Иными словами, сразу же после бегства белой армии из Крыма она утратила для французов свою привлекательность. Кольцова обрадовало это письмо хотя бы тем, что теперь он еще раз убедился: французы не будут чинить препятствия возвращению на родину российским солдатам и офицерам, а также гражданским лицам, именуемым Врангелем беженцами.
Кольцов разослал соответствующие распоряжения и инструкции во все Особые отделы черноморских портовых городов, таких, как Новороссийск, Одесса, Севастополь, Керчь, куда в любой момент могли прийти транспорты с реэмигрантами, и предупреждал, что к этому надо тщательно подготовиться.
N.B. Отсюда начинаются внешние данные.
(* Let $T=\left[\begin{smallmatrix} R & M\\ N & S\end{smallmatrix}\right]$ and $T'=\left[\begin{smallmatrix} R' & M'\\ N' & S'\end{smallmatrix}\right]$ be Morita context rings with $R,S,R',S'$ indecomposable. Then $\mathrm{Iso}_g(T,T')\subseteq\mathrm{Iso}_0(T,T')$.
   Context: All rings have an identity $1\neq 0$; a ring is indecomposable if its only central idempotents are $0$ and $1$. A Morita context $(R,S,M,N,f,g)$: rings $R,S$, an $R$-$S$-bimodule $M$, an $S$-$R$-bimodule $N$, bimodule morphisms $f:M\otimes_SN\to R$, $g:N\otimes_RM\to S$, with $[m,n]=f(m\otimes n)$, $(n,m)=g(n\otimes m)$ satisfying $[m,n]m'=m(n,m')$ and $n[m,n']=(n,m)n'$. Its Morita context ring $T$ consists of formal matrices $\left[\begin{smallmatrix} r & m\\ n & s\end{smallmatrix}\right]$ with entrywise addition and product $\left[\begin{smallmatrix} r & m\\ n & s\end{smallmatrix}\right]\left[\begin{smallmatrix} r' & m'\\ n' & s'\end{smallmatrix}\right]=\left[\begin{smallmatrix} rr'+[m,n'] & rm'+ms'\\ nr'+sn' & (n,m')+ss'\end{smallmatrix}\right]$; similarly for $T'$. Grading: $T_{-1}=\left[\begin{smallmatrix} 0 & 0\\ N & 0\end{smallmatrix}\right]$, $T_0=\left[\begin{smallmatrix} R & 0\\ 0 & S\end{smallmatrix}\right]$, $T_1=\left[\begin{smallmatrix} 0 & M\\ 0 & 0\end{smallmatrix}\right]$, $T_i=0$ otherwise. $\mathrm{Iso}_g(T,T')$ is the set of ring isomorphisms $\phi:T\to T'$ that are graded ($\phi(T_i)\subseteq T'_i$ for all $i$) or anti-graded ($\phi(T_i)\subseteq T'_{-i}$ for all $i$). $\mathrm{Iso}_0(T,T')=\mathrm{Iso}_0^0(T,T')\cup\mathrm{Iso}_0^1(T,T')$, where $\mathrm{Iso}_0^0(T,T')$ is the set of maps $\phi\left(\left[\begin{smallmatrix} r & m\\ n & s\end{smallmatrix}\right]\right)=\left[\begin{smallmatrix}\gamma(r) & \gamma(r)m'_0-m'_0\delta(s)+u(m)\\ n'_0\gamma(r)-\delta(s)n'_0+v(n) & \delta(s)\end{smallmatrix}\right]$ with $\gamma:R\to R'$, $\delta:S\to S'$ ring isomorphisms, $u:M\to M'$, $v:N\to N'$ additive bijections with $u(rms)=\gamma(r)u(m)\delta(s)$, $v(snr)=\delta(s)v(n)\gamma(r)$, and $m'_0\in M'$, $n'_0\in N'$ with $[m'_0,N']=0$, $(N',m'_0)=0$, $[M',n'_0]=0$, $(n'_0,M')=0$, $[u(m),v(n)]=\gamma([m,n])$, $(v(n),u(m))=\delta((n,m))$; and $\mathrm{Iso}_0^1(T,T')$ is the set of maps $\psi\left(\left[\begin{smallmatrix} r & m\\ n & s\end{smallmatrix}\right]\right)=\left[\begin{smallmatrix}\sigma(s) & m'_*\rho(r)-\sigma(s)m'_*+\nu(n)\\ \rho(r)n'_*-n'_*\sigma(s)+\mu(m) & \rho(r)\end{smallmatrix}\right]$ with $\rho:R\to S'$, $\sigma:S\to R'$ ring isomorphisms, $\mu:M\to N'$, $\nu:N\to M'$ additive bijections with $\mu(rms)=\rho(r)\mu(m)\sigma(s)$, $\nu(snr)=\sigma(s)\nu(n)\rho(r)$, and $m'_*\in M'$, $n'_*\in N'$ with $[m'_*,N']=0$, $(N',m'_* )=0$, $[M',n'_*]=0$, $(n'_*,M')=0$, $(\mu(m),\nu(n))=\rho([m,n])$, $[\nu(n),\mu(m)]=\sigma((n,m))$. *)

From HB Require Import structures.
From mathcomp Require Import all_boot all_order all_algebra.
Set Implicit Arguments. Unset Strict Implicit. Unset Printing Implicit Defensive.
Import GRing.Theory.
Local Open Scope ring_scope.

(* Rings have 1 <> 0 (nzRingType).
   lM / rM : left R- and right S-actions on M;  lN / rN : left S- and right
   R-actions on N.  f m n = [m,n] (an R-R bimodule map M (x)_S N -> R, given
   as an S-balanced biadditive map), g n m = (n,m) (an S-S bimodule map
   N (x)_R M -> S, given as an R-balanced biadditive map). *)
Record morita_context := MoritaContext {
  mc_R : nzRingType; mc_S : nzRingType; mc_M : zmodType; mc_N : zmodType;
  mc_lM : mc_R -> mc_M -> mc_M; mc_rM : mc_M -> mc_S -> mc_M;
  mc_lN : mc_S -> mc_N -> mc_N; mc_rN : mc_N -> mc_R -> mc_N;
  mc_f : mc_M -> mc_N -> mc_R; mc_g : mc_N -> mc_M -> mc_S;
  mc_lMDr : forall r m1 m2, mc_lM r (m1 + m2) = mc_lM r m1 + mc_lM r m2;
  mc_lMDl : forall r1 r2 m, mc_lM (r1 + r2) m = mc_lM r1 m + mc_lM r2 m;
  mc_lMA : forall r1 r2 m, mc_lM (r1 * r2) m = mc_lM r1 (mc_lM r2 m);
  mc_lM1 : forall m, mc_lM 1 m = m;
  mc_rMDl : forall m1 m2 s, mc_rM (m1 + m2) s = mc_rM m1 s + mc_rM m2 s;
  mc_rMDr : forall m s1 s2, mc_rM m (s1 + s2) = mc_rM m s1 + mc_rM m s2;
  mc_rMA : forall m s1 s2, mc_rM m (s1 * s2) = mc_rM (mc_rM m s1) s2;
  mc_rM1 : forall m, mc_rM m 1 = m;
  mc_MA : forall r m s, mc_rM (mc_lM r m) s = mc_lM r (mc_rM m s);
  mc_lNDr : forall s n1 n2, mc_lN s (n1 + n2) = mc_lN s n1 + mc_lN s n2;
  mc_lNDl : forall s1 s2 n, mc_lN (s1 + s2) n = mc_lN s1 n + mc_lN s2 n;
  mc_lNA : forall s1 s2 n, mc_lN (s1 * s2) n = mc_lN s1 (mc_lN s2 n);
  mc_lN1 : forall n, mc_lN 1 n = n;
  mc_rNDl : forall n1 n2 r, mc_rN (n1 + n2) r = mc_rN n1 r + mc_rN n2 r;
  mc_rNDr : forall n r1 r2, mc_rN n (r1 + r2) = mc_rN n r1 + mc_rN n r2;
  mc_rNA : forall n r1 r2, mc_rN n (r1 * r2) = mc_rN (mc_rN n r1) r2;
  mc_rN1 : forall n, mc_rN n 1 = n;
  mc_NA : forall s n r, mc_rN (mc_lN s n) r = mc_lN s (mc_rN n r);
  mc_fDl : forall m1 m2 n, mc_f (m1 + m2) n = mc_f m1 n + mc_f m2 n;
  mc_fDr : forall m n1 n2, mc_f m (n1 + n2) = mc_f m n1 + mc_f m n2;
  mc_f_bal : forall m s n, mc_f (mc_rM m s) n = mc_f m (mc_lN s n);
  mc_f_l : forall r m n, mc_f (mc_lM r m) n = r * mc_f m n;
  mc_f_r : forall m n r, mc_f m (mc_rN n r) = mc_f m n * r;
  mc_gDl : forall n1 n2 m, mc_g (n1 + n2) m = mc_g n1 m + mc_g n2 m;
  mc_gDr : forall n m1 m2, mc_g n (m1 + m2) = mc_g n m1 + mc_g n m2;
  mc_g_bal : forall n r m, mc_g (mc_rN n r) m = mc_g n (mc_lM r m);
  mc_g_l : forall s n m, mc_g (mc_lN s n) m = s * mc_g n m;
  mc_g_r : forall n m s, mc_g n (mc_rM m s) = mc_g n m * s;
  mc_assoc1 : forall m n m', mc_lM (mc_f m n) m' = mc_rM m (mc_g n m');
  mc_assoc2 : forall n m n', mc_rN n (mc_f m n') = mc_lN (mc_g n m) n'
}.

(* Elements of the Morita context ring T: formal matrices [r m; n s]. *)
Record mcT (C : morita_context) := MCT {
  t_r : mc_R C; t_m : mc_M C; t_n : mc_N C; t_s : mc_S C }.

Definition mcT_zero (C : morita_context) : mcT C := @MCT C 0 0 0 0.
Definition mcT_one (C : morita_context) : mcT C := @MCT C 1 0 0 1.
Definition mcT_add (C : morita_context) (x y : mcT C) : mcT C :=
  @MCT C (t_r x + t_r y) (t_m x + t_m y) (t_n x + t_n y) (t_s x + t_s y).
Definition mcT_mul (C : morita_context) (x y : mcT C) : mcT C :=
  @MCT C (t_r x * t_r y + mc_f (t_m x) (t_n y))
        (mc_lM (t_r x) (t_m y) + mc_rM (t_m x) (t_s y))
        (mc_rN (t_n x) (t_r y) + mc_lN (t_s x) (t_n y))
        (mc_g (t_n x) (t_m y) + t_s x * t_s y).

Definition mcT_ring_iso (C C' : morita_context) (phi : mcT C -> mcT C') : Prop :=
  bijective phi /\
  (forall x y, phi (mcT_add x y) = mcT_add (phi x) (phi y)) /\
  (forall x y, phi (mcT_mul x y) = mcT_mul (phi x) (phi y)) /\
  phi (mcT_one C) = mcT_one C'.

Definition ring_iso (A B : nzRingType) (h : A -> B) : Prop :=
  bijective h /\ {morph h : x y / x + y} /\ {morph h : x y / x * y} /\ h 1 = 1.

Definition add_bij (A B : zmodType) (h : A -> B) : Prop :=
  bijective h /\ {morph h : x y / x + y}.

Definition indecomposable (A : nzRingType) : Prop :=
  forall e : A, e * e = e -> (forall x : A, e * x = x * e) -> e = 0 \/ e = 1.

Definition mc_grade (C : morita_context) (i : int) (x : mcT C) : Prop :=
  if i == 0 then t_m x = 0 /\ t_n x = 0
  else if i == 1 then t_r x = 0 /\ t_n x = 0 /\ t_s x = 0
  else if i == -1 then t_r x = 0 /\ t_m x = 0 /\ t_s x = 0
  else x = mcT_zero C.

Definition graded_map (C C' : morita_context) (phi : mcT C -> mcT C') : Prop :=
  forall (i : int) (x : mcT C), mc_grade i x -> mc_grade i (phi x).

Definition antigraded_map (C C' : morita_context) (phi : mcT C -> mcT C') : Prop :=
  forall (i : int) (x : mcT C), mc_grade i x -> mc_grade (- i) (phi x).

Definition Iso_g (C C' : morita_context) (phi : mcT C -> mcT C') : Prop :=
  mcT_ring_iso phi /\ (graded_map phi \/ antigraded_map phi).

Definition Iso_00 (C C' : morita_context) (phi : mcT C -> mcT C') : Prop :=
  exists (gam : mc_R C -> mc_R C') (del : mc_S C -> mc_S C')
         (u : mc_M C -> mc_M C') (v : mc_N C -> mc_N C')
         (m0 : mc_M C') (n0 : mc_N C'),
  ring_iso gam /\ ring_iso del /\ add_bij u /\ add_bij v /\
      (forall r m s, u (mc_rM (mc_lM r m) s) = mc_rM (mc_lM (gam r) (u m)) (del s)) /\
      (forall s n r, v (mc_rN (mc_lN s n) r) = mc_rN (mc_lN (del s) (v n)) (gam r)) /\
      (forall n' : mc_N C', mc_f m0 n' = 0) /\ (forall n' : mc_N C', mc_g n' m0 = 0) /\
      (forall m' : mc_M C', mc_f m' n0 = 0) /\ (forall m' : mc_M C', mc_g n0 m' = 0) /\
      (forall m n, mc_f (u m) (v n) = gam (mc_f m n)) /\
      (forall m n, mc_g (v n) (u m) = del (mc_g n m)) /\
      (forall x : mcT C, phi x =
         @MCT C' (gam (t_r x))
                (mc_lM (gam (t_r x)) m0 - mc_rM m0 (del (t_s x)) + u (t_m x))
                (mc_rN n0 (gam (t_r x)) - mc_lN (del (t_s x)) n0 + v (t_n x))
                (del (t_s x))).

Definition Iso_01 (C C' : morita_context) (phi : mcT C -> mcT C') : Prop :=
  exists (rho : mc_R C -> mc_S C') (sig : mc_S C -> mc_R C')
         (mu : mc_M C -> mc_N C') (nu : mc_N C -> mc_M C')
         (ms : mc_M C') (ns : mc_N C'),
  ring_iso rho /\ ring_iso sig /\ add_bij mu /\ add_bij nu /\
      (forall r m s, mu (mc_rM (mc_lM r m) s) = mc_rN (mc_lN (rho r) (mu m)) (sig s)) /\
      (forall s n r, nu (mc_rN (mc_lN s n) r) = mc_rM (mc_lM (sig s) (nu n)) (rho r)) /\
      (forall n' : mc_N C', mc_f ms n' = 0) /\ (forall n' : mc_N C', mc_g n' ms = 0) /\
      (forall m' : mc_M C', mc_f m' ns = 0) /\ (forall m' : mc_M C', mc_g ns m' = 0) /\
      (forall m n, mc_g (mu m) (nu n) = rho (mc_f m n)) /\
      (forall m n, mc_f (nu n) (mu m) = sig (mc_g n m)) /\
      (forall x : mcT C, phi x =
         @MCT C' (sig (t_s x))
                (mc_rM ms (rho (t_r x)) - mc_lM (sig (t_s x)) ms + nu (t_n x))
                (mc_lN (rho (t_r x)) ns - mc_rN ns (sig (t_s x)) + mu (t_m x))
                (rho (t_r x))).

Definition Iso_0 (C C' : morita_context) (phi : mcT C -> mcT C') : Prop :=
  Iso_00 phi \/ Iso_01 phi.

From mathcomp Require Import all_boot all_order all_algebra.
Set Implicit Arguments. Unset Strict Implicit. Unset Printing Implicit Defensive.
Import GRing.Theory.
Local Open Scope ring_scope.

(* Let phi : T -> T' be a graded or anti-graded ring isomorphism.  Then phi
   maps the diagonal T_0 = R x S onto T'_0 and off-diagonal elements to
   off-diagonal elements, so phi e1 = diag(a,b) for the idempotent
   e1 = diag(1,0), where a and b are central idempotents of R' and S'.
   Indecomposability of R' and S' gives a, b in {0,1}, and injectivity of
   phi rules out a = b; hence phi e1 is e1' or e2' = diag(0,1).
   - If phi e1 = e1', phi preserves the Peirce corners e_i T e_j, so it acts
     entrywise, and its entries are the data of Iso_0^0 (with m0 = n0 = 0).
   - If phi e1 = e2', composing phi with the canonical isomorphism from T'
     onto the ring of the transposed context (R' and S', M' and N' swapped)
     reduces to the first case; Iso_0^0 data for the composite are Iso_0^1
     data for phi. *)

Lemma double_eq_self0 (V : zmodType) (x : V) : x = x + x -> x = 0.
Proof. by move=> xx; apply: (addrI x); rewrite addr0 -xx. Qed.

Lemma additive_zero (U V : zmodType) (h : U -> V) :
  {morph h : x y / x + y} -> h 0 = 0.
Proof. by move=> hD; apply: double_eq_self0; rewrite -hD addr0. Qed.

Section ContextZero.
Variable C : morita_context.

Lemma mc_f0l n : mc_f (0 : mc_M C) n = 0.
Proof. exact: (additive_zero (fun m => mc_fDl m ^~ n)). Qed.
Lemma mc_f0r m : mc_f m (0 : mc_N C) = 0.
Proof. exact: (additive_zero (mc_fDr m)). Qed.
Lemma mc_g0l m : mc_g (0 : mc_N C) m = 0.
Proof. exact: (additive_zero (fun n => mc_gDl n ^~ m)). Qed.
Lemma mc_g0r n : mc_g n (0 : mc_M C) = 0.
Proof. exact: (additive_zero (mc_gDr n)). Qed.
Lemma mc_lM0l m : mc_lM (0 : mc_R C) m = 0.
Proof. exact: (additive_zero (fun r => mc_lMDl r ^~ m)). Qed.
Lemma mc_lM0r (r : mc_R C) : mc_lM r 0 = 0.
Proof. exact: (additive_zero (mc_lMDr r)). Qed.
Lemma mc_rM0l (s : mc_S C) : mc_rM 0 s = 0.
Proof. exact: (additive_zero (fun m => mc_rMDl m ^~ s)). Qed.
Lemma mc_rM0r m : mc_rM m (0 : mc_S C) = 0.
Proof. exact: (additive_zero (mc_rMDr m)). Qed.
Lemma mc_lN0l n : mc_lN (0 : mc_S C) n = 0.
Proof. exact: (additive_zero (fun s => mc_lNDl s ^~ n)). Qed.
Lemma mc_lN0r (s : mc_S C) : mc_lN s 0 = 0.
Proof. exact: (additive_zero (mc_lNDr s)). Qed.
Lemma mc_rN0l (r : mc_R C) : mc_rN 0 r = 0.
Proof. exact: (additive_zero (fun n => mc_rNDl n ^~ r)). Qed.
Lemma mc_rN0r n : mc_rN n (0 : mc_R C) = 0.
Proof. exact: (additive_zero (mc_rNDr n)). Qed.

End ContextZero.

Ltac mcT_simpl := rewrite /mcT_mul /mcT_add /=;
  do 3 rewrite ?mc_f0l ?mc_f0r ?mc_g0l ?mc_g0r ?mc_lM0l ?mc_lM0r ?mc_rM0l
   ?mc_rM0r ?mc_lN0l ?mc_lN0r ?mc_rN0l ?mc_rN0r ?mc_lM1 ?mc_rM1 ?mc_lN1
   ?mc_rN1 ?mulr0 ?mul0r ?mulr1 ?mul1r ?addr0 ?add0r.

Definition mcT_e1 (C : morita_context) : mcT C := MCT 1 0 0 0.
Definition mcT_e2 (C : morita_context) : mcT C := MCT 0 0 0 1.

Section Peirce.
Variables (C : morita_context) (Y : mcT C).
Он, конечно, понимал что вернуться решатся далеко не все. Кто-то подыщет себе другую родину где-нибудь в Аргентине, Бразилии или Австралии, кто побогаче — осядут во Франции или Бельгии. Кто-то подастся искать свое призрачное счастье во французский Иностранный легион. Но таких все равно будет немного, ну, двадцать, от силы — тридцать тысяч. А ушли только с Врангелем из Крымв что-то около трехсот тысяч. Многие покинули Россию еще во время «Новороссийской катастрофы», а это еще тысяч около ста. А кто подсчитает тех, кто оказался в плену еще во время Великой войны четырнадцатого года? Эти ни в чем не провинившиеся ни перед той, ни перед другой Россией тоже вскоре, пусть небольшими ручейками, потянутся на Родину.
Кольцов ждал добрых вестей. А их все не было.
Но однажды, когда он уже отчаялся ждать, ему позвонил из Севастополя начальник Особого отдела ВЧК «Черно-Азовморей» Беляев и сообщил, что из Константинополя вышел пароход «Решид-Паша» больше чем с тремя тысячами врангелевцами, изъявившими желание вернуться в Советскую Россию. Беляев не знал, как с ними поступить, вопросов возникло много, разосланные ВЧК инструкции не отвечают даже на половину из них.
Кольцову и самому было интересно встретить первый пароход с реэмигрантами, посмотреть на тех, с кем он не один год сражался. Какими они стали после бегства из Крыма, как перемололо их турецкое сидение? И он выехал в Севастополь, в котором родился, вырос, но в котором не был едва ли не с подполья и ожидания смертной казни в Севастопольской крепости.
В Особом отделе ВЧК «Черно-Азовморей» его встретил Беляев, который никак не мог понять, как принимать прибывающих белогвардейцев: где разместить, в гостиницах, которые по этому случаю пытались полностью освободить, но это никак не получалось, или же сразу прямо в тюрьму. Точнее, солдат — в тюрьму, офицеров — в Севастопольскую крепость. Беженцев легонько «профильтровать» — и по домам. В этом случае места хватило бы на всех.
— Я как рассуждаю, товарищ Кольцов, ежели они все же покаместь враги, тогда их в тюрьму. Ежели Советской властью полностью прощенные — тогда с хлебом-солью, и по домам. А может, тут имеется какая-то серединка? Дело политическое. А в присланных вами инструкциях про это маловато написано. Не сразу поймешь.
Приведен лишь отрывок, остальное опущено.